Мы освободили музыкальную студию, в которой работал Алеша, от техники, и там получилось много спальных мест. Что-то осталось от наших детей, плюс другие жители города спешно привезли люльки для младенцев, и у нас получилась квартира, в которой помещается четыре взрослых и четыре ребенка. С тех пор мы каждый день кого-то встречаем, провожаем, селим, помогаем. Я обзвонила всех друзей и знакомых, составила таблицу, кто кого может селить в каком составе, на сколько дней. И пошло поехало.
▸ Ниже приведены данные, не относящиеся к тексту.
Lemma zexpansion_shift n e : e 1%nat = 0%Z -> is_series (zexpansion_term n e) (RtoC 0) ->
  is_series (zexpansion_term n (fun j => e (S j))) (RtoC 0).
Proof.
  intros He1 Hs.
  assert (Htail : is_series (fun k => zexpansion_term n e (S k)) (RtoC 0)).
  { apply is_series_incr_1.
    match goal with |- is_series _ ?l => replace l with (RtoC 0); [exact Hs|] end.
    unfold zexpansion_term. rewrite He1. apply injective_projections; simpl; ring. }
  apply (is_series_scal (base n)) in Htail.
  match type of Htail with is_series _ ?l =>
    replace l with (RtoC 0) in Htail by (apply injective_projections; simpl; ring) end.
  revert Htail. apply is_series_ext. intro k.
  unfold zexpansion_term. rewrite <- (base_mult_binvpow n (S k)).
  change (scal (base n) (Cmult (RtoC (IZR (e (S (S k))))) (binvpow n (S (S k))))
          = Cmult (RtoC (IZR (e (S (S k))))) (Cmult (base n) (binvpow n (S (S k))))).
  destruct (base n), (binvpow n (S (S k))). apply injective_projections; simpl; ring.
Qed.

Lemma zexpansion_zero_digits n e : (2 <= n)%nat -> digits_bounded n e ->
  (forall j, (1 <= j)%nat -> Z.abs (e j) <> 1%Z) ->
  is_series (zexpansion_term n e) (RtoC 0) -> forall j, (1 <= j)%nat -> e j = 0%Z.
Proof.
  intros Hn He Hne1 Hs [|i] Hi; [lia|]. clear Hi.
  revert e He Hne1 Hs. induction i as [|i IH]; intros e He Hne1 Hs.
  - exact (first_digit_zero n e Hn He Hne1 Hs).
  - apply (IH (fun j => e (S j))).
    + intros j Hj. apply He. lia.
    + intros j Hj. apply Hne1. lia.
    + apply zexpansion_shift; [exact (first_digit_zero n e Hn He Hne1 Hs) | exact Hs].
Qed.

(* Real and imaginary parts of the Gaussian integer [sum_(j <= k) u j * b ^ (k - j)],
   computed by Horner's rule with [b = -n + i]. *)
Fixpoint gauss_horner (n : nat) (u : nat -> Z) (k : nat) : Z * Z :=
  match k with
  | O => (0%Z, 0%Z)
  | S k' => let (x, y) := gauss_horner n u k' in
      ((- Z.of_nat n * x - y + u (S k'))%Z, (x - Z.of_nat n * y)%Z)
  end.

Lemma gauss_horner_eq n u k :
  (IZR (fst (gauss_horner n u k)), IZR (snd (gauss_horner n u k)))
  = Cmult (powb n k) (csum (zexpansion_term n u) k).
Proof.
  induction k as [|k IH].
  - apply injective_projections; simpl; ring.
  - cbn [csum gauss_horner]. destruct (gauss_horner n u k) as [x y]. simpl in IH.
    replace (Cmult (powb n (S k)) (Cplus (csum (zexpansion_term n u) k) (zexpansion_term n u k)))
      with (Cplus (Cmult (base n) (Cmult (powb n k) (csum (zexpansion_term n u) k)))
                  (Cmult (RtoC (IZR (u (S k)))) (Cmult (powb n (S k)) (binvpow n (S k)))))
      by (change (powb n (S k)) with (Cmult (base n) (powb n k)); unfold zexpansion_term; ring).
    rewrite <- IH, powb_mult_binvpow. cbn [fst snd].
    rewrite !plus_IZR, !minus_IZR, !mult_IZR, opp_IZR, <- INR_IZR_INZ.
    unfold base. apply injective_projections; simpl; ring.
Qed.
(* For every choice of environment function $Env()$, ESAdapt under the reward function $Rew_{\#comp}()$ is unsolvable: there is no algorithm (Turing machine), regardless of running time or memory, that produces the correct output for every instance.
   Context: Model. Let $X=\{x_1,\dots,x_{|X|}\}$ be Boolean variables and $O$ a finite output set. Software system requirements are a finite set $R$ of pairs $(i,o)$, where $i$ is a truth assignment to $X$ and $o\in O$. Interfaces and components follow the Dana runtime component model: an interface is a set of function prototypes (function name, return type, parameter types) together with a set of typed transfer fields; a component provides one or more interfaces and requires zero or more interfaces, and contains code (in a Dana-like imperative language with assignments, conditionals, loops, arrays, function calls and an output statement; this language can simulate any Turing machine) implementing every function of its provided interfaces; this code may call functions and use transfer fields of its required interfaces. $L_{int}$ and $L_{comp}$ are finite libraries of interfaces and components. Given a base component $c\in L_{comp}$ implementing a function main, a valid component-based software system $S$ based on $c$ is obtained by choosing, for each required interface of $c$, a component of $L_{comp}$ providing it, and recursively for each required interface of every chosen component; separate copies of a component are used for separate required-interface occurrences, and when a component providing several interfaces implements one of them, only a reduced copy containing that interface's code is used. Its component wiring tree has root $c$, vertices the chosen component copies, arcs labelled by the implemented interfaces; no component label may occur twice on a root-to-leaf path. $S$ is working relative to $R$ if for every $(i,o)\in R$, running $S$ on input $i$ outputs $o$. An environment function $Env()$ maps a system to events/metric values and is computable in polynomial time. $Rew_{\#comp}(S)$ is the number of components in $S$. Problem ESAdapt under $Rew_{\#comp}()$: Input: $R$, $L_{int}$, $L_{comp}$, a working system $S$ based on a component $c\in L_{comp}$ relative to $R$, $L_{int}$, $L_{comp}$, and $Env()$. Output: a working system $S'$ based on $c$ relative to $L_{int},L_{comp},R$ having the smallest value of $Rew_{\#comp}(S')$ over all working systems based on $c$ relative to $L_{int},L_{comp},R$. *)

From mathcomp Require Import all_boot.

Set Implicit Arguments.
Unset Strict Implicit.
Unset Printing Implicit Defensive.

(* 1. The Dana-like imperative language                                   *)

Inductive val : Type :=
| VNat of nat
| VBool of bool
| VArr of seq val.

Inductive ty : Type := TInt | TBool | TArr of ty | TVoid.

Inductive binop : Type := BAdd | BSub | BMul | BDiv | BMod | BEq | BLt | BAnd | BOr.

(* Expressions.  [ECall k f args] calls function [f] of the [k]-th required
   interface of the current component; [EField k x] reads transfer field [x]
   of the [k]-th required interface; [EInput j] reads the truth value of the
   input variable x_(j+1). *)
Inductive expr : Type :=
| EConst of val
| EVar of nat
| EInput of nat
| EBin of binop & expr & expr
| ENot of expr
| ENewArr of expr
| ELen of expr
| EIndex of expr & expr
| ECall of nat & nat & seq expr
| EField of nat & nat.
Lemma cover_incident x i :
  incident cover_src cover_tgt (x, i) = (fun e => (e, cover_layer x i e)) @: incident s t x.
Proof.
apply/setP => [[e j]]; rewrite inE /cover_src /cover_tgt /cover_layer /= !xpair_eqE.
apply/idP/imsetP.
  case/orP => [/andP[/eqP sx /eqP ji]|/andP[/eqP tx /eqP ji]].
    by exists e; rewrite ?inE sx ?eqxx ?ji.
  exists e; first by rewrite inE tx eqxx orbT.
  have -> : s e != x by rewrite -tx hl.
  by case: (e \in D) ji => <-; rewrite ?ordSK.
case=> f; rewrite inE => /orP[/eqP sx|/eqP tx] [-> ->]; first by rewrite sx eqxx /= ?eqxx.
have -> : s f != x by rewrite -tx hl.
by rewrite tx eqxx /=; case: (f \in D); rewrite ?ord_predK !eqxx ?orbT.
Qed.

Lemma cover_cubic : cubic s t -> cubic cover_src cover_tgt.
Proof. by move=> hc [x i]; rewrite cover_incident card_imset ?hc // => e1 e2 []. Qed.

End Cover.

Lemma leq4_card_disjoint (T : finType) (X A B : {set T}) : A \subset X -> B \subset X ->
  [disjoint A & B] -> 2 <= #|A| -> 2 <= #|B| -> 4 <= #|X|.
Proof.
move=> AX BX dAB hA hB; apply: leq_trans (subset_leq_card (_ : A :|: B \subset X)).
  by rewrite cardsU (disjoint_setI0 dAB) cards0 subn0; lia.
by rewrite subUset AX BX.
Qed.

Section CoverCuts.
Variables (V E : finType) (s t : E -> V) (D : {set E}) (k : nat).
Hypothesis hl : loopless s t.
Hypothesis hc : cubic s t.
Hypothesis hcut : trivial_3cuts s t.
Hypothesis card_D : #|D| = 2.
Hypothesis D_matching : forall y, #|incident s t y :&: D| <= 1.

Local Notation L := 'I_k.+2.
Local Notation Hs := (cover_src s (k := k)).
Local Notation Ht := (cover_tgt t D (k := k)).

Definition layer (S : {set V * L}) (i : L) : {set V} := [set x | (x, i) \in S].
Definition in_layer (i : L) (X : {set E}) : {set E * L} := (fun e => (e, i)) @: X.

Lemma mem_cover_boundary S e i : ((e, i) \in boundary Hs Ht S) =
  (((s e, i) \in S) != ((t e, if e \in D then ordS i else i) \in S)).
Proof. by rewrite inE. Qed.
Если я знаю, что где-то свободен диван и никого на нем нет, я раздосадована, я нервничаю, что пространство не используется, значит, кому-то мы не помогли. Тогда я иду на вокзал, ищу, кому нужно прямо сейчас где-то ночевать, и забираю этих людей.
Люди оглушены и дезориентированы
С одной стороны, есть единение, Будапешт встречает людей и хочет им помочь. С другой — людей очень много. Внешне они в порядке. Но чуть-чуть ты проводишь с ними время, и понимаешь, что люди оглушены и дезориентированы.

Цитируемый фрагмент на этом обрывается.